» Required action: Which lines of the material hold the word "gone"? Copy each one.

» Information provided:
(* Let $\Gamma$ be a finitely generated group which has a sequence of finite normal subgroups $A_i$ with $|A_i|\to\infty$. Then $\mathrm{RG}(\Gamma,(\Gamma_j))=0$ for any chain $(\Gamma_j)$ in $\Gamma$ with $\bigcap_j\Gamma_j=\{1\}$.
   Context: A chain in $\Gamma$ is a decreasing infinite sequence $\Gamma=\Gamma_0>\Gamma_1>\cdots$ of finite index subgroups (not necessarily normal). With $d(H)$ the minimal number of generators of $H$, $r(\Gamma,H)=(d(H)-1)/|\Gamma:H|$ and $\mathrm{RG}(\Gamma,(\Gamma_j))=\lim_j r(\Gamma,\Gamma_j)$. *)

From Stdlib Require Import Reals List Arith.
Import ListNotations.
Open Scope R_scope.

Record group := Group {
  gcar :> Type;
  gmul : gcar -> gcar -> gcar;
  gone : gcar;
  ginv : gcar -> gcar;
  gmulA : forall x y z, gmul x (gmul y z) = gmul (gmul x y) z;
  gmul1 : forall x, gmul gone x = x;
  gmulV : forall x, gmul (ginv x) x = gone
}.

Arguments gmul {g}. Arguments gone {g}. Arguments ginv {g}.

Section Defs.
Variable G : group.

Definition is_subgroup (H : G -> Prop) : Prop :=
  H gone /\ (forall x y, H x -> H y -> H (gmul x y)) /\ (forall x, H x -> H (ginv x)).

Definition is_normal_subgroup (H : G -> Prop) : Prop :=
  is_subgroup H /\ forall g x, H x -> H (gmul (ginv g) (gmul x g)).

» Written answer:
  gone : gcar;
  gmul1 : forall x, gmul gone x = x;
  gmulV : forall x, gmul (ginv x) x = gone
Arguments gmul {g}. Arguments gone {g}. Arguments ginv {g}.
  H gone /\ (forall x y, H x -> H y -> H (gmul x y)) /\ (forall x, H x -> H (ginv x)).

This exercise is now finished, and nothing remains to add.